WHAT YOU WILL DO: Copy out each line of the material below with no changes.

RECORDS FOR THE TASK:
Lemma extend_inf (A : Sl O -> Prop) : extend (inf A) = inf (image extend A).
Proof.
  apply le_antisym.
  - apply inf_greatest; intros y [S [HS ->]]; apply extend_mono, inf_lb, HS.
  - eapply le_trans;
      [|apply (inf_basic_val_le_extend (fun a b => exists S, A S /\ sub_basic S a b))].
    + apply inf_greatest; intros y [a [b [[S [HS Hab]] ->]]].
      eapply le_trans; [apply inf_lb; exists S; split; [exact HS | reflexivity]|].
      apply inf_lb; exists a, b; split; [exact Hab | reflexivity].
    + intros p Hp S HS. apply sublocale_basic_repr; [exact HO | apply proj2_sig|].
      intros a b Hab. apply Hp; exists S; split; assumption.
Qed.

Lemma extend_bot : extend bot = bot.
Proof.
  apply le_bot_eq. eapply le_trans; [apply inf_lb; exists top, bot; split; [|reflexivity]|].
  - intros q Hq; apply Sl_bot_iff in Hq; subst q. apply basic_iff; [exact HO | apply top_max].
  - unfold basic_val; rewrite F_top, N_bot, join_bot_r; apply le_refl.
Qed.

Lemma basic_val_meet_join_le a a' b b' :
  le (basic_val (meet a a') (join b b')) (join (basic_val a b) (basic_val a' b')).
Proof.
  unfold basic_val. rewrite F_meet. apply join_lub; [apply join_lub|].
  - eapply le_trans; [apply join_ub_l | apply join_ub_l].
  - eapply le_trans; [apply join_ub_l | apply join_ub_r].
  - apply le_trans with (join (N b) (N b')); [|apply join_mono; apply join_ub_r].
    apply (compl_meet_le HL (F b) (F b')); [rewrite <- F_join; apply N_meet | apply N_join | apply N_join].
Qed.

Lemma extend_join (S T : Sl O) : extend (join S T) = join (extend S) (extend T).
Proof.
  apply le_antisym.
  - apply (join_inf_inf HL). intros p q [a [b [Hab ->]]] [a' [b' [Hab' ->]]].
    eapply le_trans; [|apply basic_val_meet_join_le].
    apply inf_lb; exists (meet a a'), (join b b'); split; [|reflexivity].
    apply sub_basic_join; assumption.
  - apply join_lub; apply extend_mono; [apply join_ub_l | apply join_ub_r].
Qed.

Lemma extend_unique (g : Sl O -> L) :
  coframe_hom g -> (forall u, g (cl u) = F u) -> extend = g.
Proof.
  intros Hg Hgcl.
  assert (Hbasic : forall a b, g (join (cl a) (opn HO b)) = basic_val a b).
  { intros a b. rewrite (proj2 (proj2 Hg)), Hgcl. unfold basic_val; f_equal.
    apply (compl_unique HL (F b)); [| |apply N_meet | apply N_join].
    - rewrite <- Hgcl, <- coframe_hom_meet, cl_opn_meet by exact Hg. exact (proj1 (proj2 Hg)).
    - rewrite <- Hgcl, <- (proj2 (proj2 Hg)), cl_opn_join. apply coframe_hom_top, Hg. }
  apply functional_extensionality; intros S.
  rewrite (Sl_basic_repr HO S) at 2. rewrite (proj1 Hg). apply inf_ext; intros y; split.
  - intros [a [b [Hab ->]]]. exists (join (cl a) (opn HO b)).
    split; [exists a, b; split; [exact Hab | reflexivity] | symmetry; apply Hbasic].
  - intros [T [[a [b [Hab ->]]] ->]]. exists a, b; split; [exact Hab | apply Hbasic].
Qed.

Theorem Sl_universal : exists! g : Sl O -> L, coframe_hom g /\ forall u, g (cl u) = F u.
Proof.
  exists extend. split.
  - split; [split; [exact extend_inf | split; [exact extend_bot | exact extend_join]] | exact extend_cl].
  - intros g [Hg Hgcl]. apply extend_unique; assumption.
Qed.

End Universal.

RESPONSE TO THIS TASK:
Lemma extend_inf (A : Sl O -> Prop) : extend (inf A) = inf (image extend A).
Proof.
  apply le_antisym.
  - apply inf_greatest; intros y [S [HS ->]]; apply extend_mono, inf_lb, HS.
  - eapply le_trans;
      [|apply (inf_basic_val_le_extend (fun a b => exists S, A S /\ sub_basic S a b))].
    + apply inf_greatest; intros y [a [b [[S [HS Hab]] ->]]].
      eapply le_trans; [apply inf_lb; exists S; split; [exact HS | reflexivity]|].
      apply inf_lb; exists a, b; split; [exact Hab | reflexivity].
    + intros p Hp S HS. apply sublocale_basic_repr; [exact HO | apply proj2_sig|].
      intros a b Hab. apply Hp; exists S; split; assumption.
Qed.

Lemma extend_bot : extend bot = bot.
Proof.
  apply le_bot_eq. eapply le_trans; [apply inf_lb; exists top, bot; split; [|reflexivity]|].
  - intros q Hq; apply Sl_bot_iff in Hq; subst q. apply basic_iff; [exact HO | apply top_max].
  - unfold basic_val; rewrite F_top, N_bot, join_bot_r; apply le_refl.
Qed.

Lemma basic_val_meet_join_le a a' b b' :
  le (basic_val (meet a a') (join b b')) (join (basic_val a b) (basic_val a' b')).
Proof.
  unfold basic_val. rewrite F_meet. apply join_lub; [apply join_lub|].
  - eapply le_trans; [apply join_ub_l | apply join_ub_l].
  - eapply le_trans; [apply join_ub_l | apply join_ub_r].
  - apply le_trans with (join (N b) (N b')); [|apply join_mono; apply join_ub_r].
    apply (compl_meet_le HL (F b) (F b')); [rewrite <- F_join; apply N_meet | apply N_join | apply N_join].
Qed.

Lemma extend_join (S T : Sl O) : extend (join S T) = join (extend S) (extend T).
Proof.
  apply le_antisym.
  - apply (join_inf_inf HL). intros p q [a [b [Hab ->]]] [a' [b' [Hab' ->]]].
    eapply le_trans; [|apply basic_val_meet_join_le].
    apply inf_lb; exists (meet a a'), (join b b'); split; [|reflexivity].
    apply sub_basic_join; assumption.
  - apply join_lub; apply extend_mono; [apply join_ub_l | apply join_ub_r].
Qed.

Lemma extend_unique (g : Sl O -> L) :
  coframe_hom g -> (forall u, g (cl u) = F u) -> extend = g.
Proof.
  intros Hg Hgcl.
  assert (Hbasic : forall a b, g (join (cl a) (opn HO b)) = basic_val a b).
  { intros a b. rewrite (proj2 (proj2 Hg)), Hgcl. unfold basic_val; f_equal.
    apply (compl_unique HL (F b)); [| |apply N_meet | apply N_join].
    - rewrite <- Hgcl, <- coframe_hom_meet, cl_opn_meet by exact Hg. exact (proj1 (proj2 Hg)).
    - rewrite <- Hgcl, <- (proj2 (proj2 Hg)), cl_opn_join. apply coframe_hom_top, Hg. }
  apply functional_extensionality; intros S.
  rewrite (Sl_basic_repr HO S) at 2. rewrite (proj1 Hg). apply inf_ext; intros y; split.
  - intros [a [b [Hab ->]]]. exists (join (cl a) (opn HO b)).
    split; [exists a, b; split; [exact Hab | reflexivity] | symmetry; apply Hbasic].
  - intros [T [[a [b [Hab ->]]] ->]]. exists a, b; split; [exact Hab | apply Hbasic].
Qed.

Theorem Sl_universal : exists! g : Sl O -> L, coframe_hom g /\ forall u, g (cl u) = F u.
Proof.
  exists extend. split.
  - split; [split; [exact extend_inf | split; [exact extend_bot | exact extend_join]] | exact extend_cl].
  - intros g [Hg Hgcl]. apply extend_unique; assumption.
Qed.

End Universal.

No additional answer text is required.